Published Feb 16, 2009
littlepeach
96 Posts
So my best friend's baby has hypoplastic left heart syndrome. He survived his first surgery on Thanksgiving. He's doing fantastic. His mom is awesome. He is scheduled for his second surgery next month. Although I am a NICU nurse, I don't care for heart babies in my hospital. Anyone with any suggestions about how I can prepare her for his second hospital stay? She is well informed and calm. Is there anything different with the recovery from the second surgery she should know. Dr's can only tell her so much, so I am turning to the experts for advice!!:heartbeat
SteveNNP, MSN, NP
1 Article; 2,512 Posts
Hey,
I work at a center that does keep pre and postop cardiacs in the NICU. We don't ever have babies postoperatively from the Glenn procedure, which is the 2nd stage of the repair. (Norwood-Sano,> Glenn, > Fontan)
I would imagine it to be very similar to the Norwood. Although I've never seen a postop Glenn, so I don't know. This might be something that someone in the PICU forum could answer, as PICU/PCICU always handles these patients...
TiffyRN, BSN, PhD
2,315 Posts
I might suggest you browse the PICU forum a bit. The PICU staff is more likely to deal with children past their first surgery. I know there are some long-term PICU nurses that I'm pretty sure have extensive experience with the many stages of LHH repair.

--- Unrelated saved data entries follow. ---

(* Let $G=(V,E)$ be a hypergraph and $\emptyset\neq R\subsetneq U\subsetneq V$. Let $S=\{u_1,\dots,u_p\}\subseteq U\setminus R$ with $p\ge 2$. For each $i\in[p]$ let $(\overline{A_i},A_i)$ be a minimum $((S\cup R)\setminus\{u_i\},\overline U)$-terminal cut, and suppose $u_i\in A_i\setminus\bigl(\bigcup_{j\in[p]\setminus\{i\}}A_j\bigr)$ for every $i\in[p]$. Let \[Z:=\bigcap_{i=1}^p\overline{A_i},\quad W:=\bigcup_{1\le i<j\le p}(A_i\cap A_j),\quad Y_i:=A_i\setminus W\ \ \forall i\in[p].\] Then $(Y_1,\dots,Y_p,W,Z)$ is a $(p+2)$-partition of $V$ with \[\sigma(Y_1,\dots,Y_p,W,Z)\le\min\{d(A_i)+d(A_j): i,j\in[p],\ i\ne j\}.\]
   Context: A hypergraph $G=(V,E)$ has finite vertex set $V$ and finite multiset $E$ of hyperedges (subsets of $V$). For $X\subseteq V$, $\overline X=V\setminus X$ and $d(X)$ is the number of hyperedges meeting both $X$ and $\overline X$. For disjoint $S',T'\subseteq V$, a 2-partition $(X,\overline X)$ is an $(S',T')$-terminal cut if $S'\subseteq X\subseteq V\setminus T'$, and it is minimum if $d(X)$ is minimum among such cuts. For a partition $(Y_1,\dots,Y_p,W,Z)$ of $V$: $\mathrm{cost}(Y_1,\dots,Y_p,W,Z)$ is the number of hyperedges meeting at least two parts; $\mathrm{cost}(W,Z)$ is the number of hyperedges $e\subseteq W\cup Z$ meeting both $W$ and $Z$; $\alpha(Y_1,\dots,Y_p,W,Z)$ is the number of hyperedges meeting $Z$ and at least two of $Y_1,\dots,Y_p,W$; $\beta(Y_1,\dots,Y_p,Z)$ is the number of hyperedges disjoint from $Z$ meeting at least two of $Y_1,\dots,Y_p$; $\sigma:=\mathrm{cost}(Y_1,\dots,Y_p,W,Z)+\mathrm{cost}(W,Z)+\alpha+\beta$. *)

(* hypergraphs on a finite vertex type V,
   hyperedges given as a multiset (seq) of vertex sets. *)
From mathcomp Require Import all_boot.
Set Implicit Arguments. Unset Strict Implicit. Unset Printing Implicit Defensive.

Section Hyper.
Variable V : finType.

Definition meets (e X : {set V}) : bool := e :&: X != set0.

Definition dcut (E : seq {set V}) (X : {set V}) : nat :=
  count (fun e => meets e X && meets e (~: X)) E.
(* Let $n\ge1$, $\eta>0$, $C\in\mathbb{R}_+^{n\times n}$, $q'\in\Delta_n$ and $p'\in\Delta_n$ with all entries positive. For $i=1,\dots,n$ define $\phi_i:\mathbb{R}^n\to\mathbb{R}$ by $$\phi_i(\lambda)=np_i'\Big[-\langle q',\lambda\rangle-\eta\log p_i'+\eta\log\Big(\sum_{j=1}^n\exp((\lambda_j-C_{i,j}-\eta)/\eta)\Big)+\eta\Big].$$ Then $\phi_i$ is $\frac{np_i'}{\eta}$-smooth w.r.t. $\|\cdot\|_2$ and $\frac{5np_i'}{\eta}$-smooth w.r.t. $\|\cdot\|_\infty$.
   Context: $\Delta_n=\{a\in\mathbb{R}_+^n: a^T\mathbf 1=1\}$. A convex differentiable function $g$ is $\beta$-smooth w.r.t. a norm $\|\cdot\|_H$ if $\|\nabla g(x)-\nabla g(y)\|_{H,*}\le\beta\|x-y\|_H$ for all $x,y$, where $\|u\|_{H,*}=\max\{\langle u,v\rangle:\|v\|_H\le1\}$ (so the dual norm of $\|\cdot\|_\infty$ is $\|\cdot\|_1$). *)

From HB Require Import structures.
From mathcomp Require Import all_boot all_order all_algebra.
From mathcomp Require Import all_classical all_reals all_analysis.
Set Implicit Arguments. Unset Strict Implicit. Unset Printing Implicit Defensive.
Import Order.TTheory GRing.Theory Num.Theory.
Import numFieldNormedType.Exports.
Local Open Scope classical_set_scope.
Local Open Scope ring_scope.

Definition dotv (R : realType) (n : nat) (u v : 'rV[R]_n) : R :=
  \sum_(j < n) u 0 j * v 0 j.

Definition norm2 (R : realType) (n : nat) (x : 'rV[R]_n) : R :=
  Num.sqrt (\sum_(j < n) x 0 j ^+ 2).

Definition norminf (R : realType) (n : nat) (x : 'rV[R]_n) : R :=
  \big[Num.max/0]_(j < n) `|x 0 j|.

Definition dual_norm (R : realType) (n : nat) (N : 'rV[R]_n -> R)
    (u : 'rV[R]_n) : R :=
  sup [set dotv u v | v in [set v | N v <= 1]].

Definition grad (R : realType) (n : nat) (g : 'rV[R]_n -> R) (x : 'rV[R]_n)
    : 'rV[R]_n :=
  \row_(j < n) 'D_(delta_mx 0 j) g x.

Definition convex_fun (R : realType) (n : nat) (g : 'rV[R]_n -> R) : Prop :=
  forall (x y : 'rV[R]_n) (t : R), 0 <= t -> t <= 1 ->
    g (t *: x + (1 - t) *: y) <= t * g x + (1 - t) * g y.

Definition smooth_wrt (R : realType) (n : nat) (N : 'rV[R]_n -> R) (beta : R)
    (g : 'rV[R]_n -> R) : Prop :=
  [/\ convex_fun g,
      (forall x, differentiable g x) &
      (forall x y, dual_norm N (grad g x - grad g y) <= beta * N (x - y))].

Definition in_simplex (R : realType) (n : nat) (a : 'rV[R]_n) : Prop :=
  (forall j, 0 <= a 0 j) /\ \sum_(j < n) a 0 j = 1.

Definition phi (R : realType) (n : nat) (eta : R) (C : 'M[R]_n)
    (q p : 'rV[R]_n) (i : 'I_n) (lam : 'rV[R]_n) : R :=
  n%:R * p 0 i *
    (- dotv q lam - eta * ln (p 0 i)
     + eta * ln (\sum_(j < n) expR ((lam 0 j - C i j - eta) / eta))
     + eta).

From Pilot Require Import Defs.
From HB Require Import structures.
From mathcomp Require Import all_boot all_order all_algebra.
From mathcomp Require Import all_classical all_reals all_analysis.
From mathcomp Require Import ring lra.
Set Implicit Arguments. Unset Strict Implicit. Unset Printing Implicit Defensive.
Import Order.TTheory GRing.Theory Num.Theory.
Import numFieldNormedType.Exports.
Local Open Scope classical_set_scope.
Local Open Scope ring_scope.

(** Up to an affine term, [phi_i] is [n p_i eta lse(logit lam)] with [logit]
    affine of slope [1/eta], so its gradient is [n p_i (softmax (logit lam) - q)].
    The derivative of [t |-> <softmax (b + t g), v>] is the covariance of [v]
    and [g] under the probability vector [softmax (b + t g)]; hence, by the mean
    value theorem on the segment from [logit y] to [logit x],
    [<grad phi_i x - grad phi_i y, v> = n p_i / eta * Cov_s(v, x - y)] for some
    probability vector [s]. A covariance is at most [|v|_2 |g|_2] (weighted
    Cauchy-Schwarz, and the variance is at most the second moment) and at most
    [2 |v|_oo |g|_oo]. Convexity of [phi_i] is convexity of log-sum-exp. *)

Section Derivatives.
Context {R : numFieldType} {V W : normedModType R}.

Lemma is_derive_line (f : V -> W) (x v : V) (d : W) :
  is_derive (0 : R) 1 (fun t => f (t *: v + x)) d -> is_derive x v f d.
Proof.
have quotE : (fun h : R => h^-1 *: ((f \o shift x) (h *: v) - f x)) =
    (fun h => h^-1 *: (((fun t => f (t *: v + x)) \o shift 0) (h *: 1)
                       - f (0 *: v + x))).
  by apply/funext => h /=; rewrite addr0 scale0r add0r [_ *: 1]mulr1.
by case=> dv dE; split; rewrite /derivable /derive quotE.
Qed.

Lemma is_derive_sumr m (h : 'I_m -> V -> W) (dh : 'I_m -> W) (x v : V) :
  (forall k, is_derive x v (h k) (dh k)) ->
  is_derive x v (fun y => \sum_(k < m) h k y) (\sum_(k < m) dh k).
Proof. by move=> /is_derive_sum; rewrite -fct_sumE. Qed.

Lemma differentiable_sumr m (h : 'I_m -> V -> W) (x : V) :
  (forall k, differentiable (h k) x) -> differentiable (fun y => \sum_(k < m) h k y) x.
Proof. by move=> /differentiable_sum; rewrite -fct_sumE. Qed.
End Derivatives.

Lemma is_derive_affine {R : numFieldType} (a c t : R) :
  is_derive t 1 (fun s => a + c * s) c.
Proof.
have H : is_derive t 1 (cst a + c \*: id) (0 + c *: 1) by exact: is_deriveD.
by rewrite add0r [c *: 1]mulr1 in H.
Qed.

Section Dot.
Variables (R : realType) (n : nat).
Implicit Types (u v : 'rV[R]_n).

Lemma dotvDr u v v' : dotv u (v + v') = dotv u v + dotv u v'.
Proof. by rewrite /dotv -big_split; apply: eq_bigr => k _; rewrite mxE mulrDr. Qed.

Lemma dotvZr a u v : dotv u (a *: v) = a * dotv u v.
Proof. by rewrite /dotv mulr_sumr; apply: eq_bigr => k _; rewrite mxE mulrCA. Qed.

Lemma dotvBl u u' v : dotv (u - u') v = dotv u v - dotv u' v.
Proof. by rewrite /dotv -sumrB; apply: eq_bigr => k _; rewrite !mxE mulrBl. Qed.

Lemma dotvZl a u v : dotv (a *: u) v = a * dotv u v.
Proof. by rewrite /dotv mulr_sumr; apply: eq_bigr => k _; rewrite mxE mulrA. Qed.

Lemma dotv_delta u j : dotv u (delta_mx 0 j) = u 0 j.
Proof.
rewrite /dotv (bigD1 j) //= big1 => [|k /negbTE kj]; rewrite mxE ?kj ?eqxx ?mulr0 //.
by rewrite mulr1 addr0.
Qed.

Lemma differentiable_dotv u v : differentiable (dotv u) v.
Proof.
apply: differentiable_sumr => k.
exact/differentiableM/differentiable_coord.
Qed.
End Dot.

Section Norms.
Variables (R : realType) (n : nat).
Implicit Types (u v : 'rV[R]_n).

Lemma norm20 : norm2 (0 : 'rV[R]_n) = 0.
Proof. by rewrite /norm2 big1 ?sqrtr0 // => k _; rewrite mxE expr0n. Qed.

Lemma norminf0 : norminf (0 : 'rV[R]_n) = 0.
Proof.
rewrite /norminf; elim/big_ind: _ => // [x y -> ->|k _]; first exact: maxxx.
by rewrite mxE normr0.
Qed.

Lemma norm2_sqr v : norm2 v ^+ 2 = \sum_(k < n) v 0 k ^+ 2.
Proof. by rewrite sqr_sqrtr // sumr_ge0 // => k _; exact: sqr_ge0. Qed.

Lemma norminf_entry v k : `|v 0 k| <= norminf v.
Proof. exact: (le_bigmax _ (fun k => `|v 0 k|)). Qed.

Lemma norminf_ge0 v : 0 <= norminf v.
Proof. exact: bigmax_ge_id. Qed.

Lemma dual_norm_le (N : 'rV[R]_n -> R) u (B : R) :
  N 0 <= 1 -> (forall v, N v <= 1 -> dotv u v <= B) -> dual_norm N u <= B.
Proof.
move=> N0 uB; apply: ge_sup; first by exists (dotv u 0), 0.
by move=> _ [v vN <-]; exact: uB.
Qed.
End Norms.

Section Covariance.
Variables (R : realType) (n : nat).
Implicit Types (s v g : 'rV[R]_n).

We welcome when they visit with us and give advice on such things.
NotReady4PrimeTime, RN
5 Articles; 7,358 Posts
I've looked after quite a few babies post-Glenn. The immediate post-op period is pretty similar to that of the first stage (Norwood-Sano), in that the baby will have a chest tube, pacing wires, central line, arterial line and may or may not be intubated. Very occasionally the baby will come out with an open sternum, but it isn't that common. They're often more stable post-Glenn than they are post either Norwood or Fontan although they will still saturate in the 80's. The Glenn shunt connects the SVC to the right PA and disconnects the SVC and right PA from the RA. This creates a passive circulation from the head to the PA and can cause significant congestion in the head with associated headache. The kids do better with early extubation because of this passive return and the pressure shift, because positive pressure ventilation decreases cardiac output by impeding preload. They are usually most comfortable semirecumbent and not supine; they're virtually all rather... irritable until the adapt to the changes. The last several Glenns we've had on our unit have been rapidly extubated and very stable, ready for the ward in only a few days. I hope your frined's baby is one of these.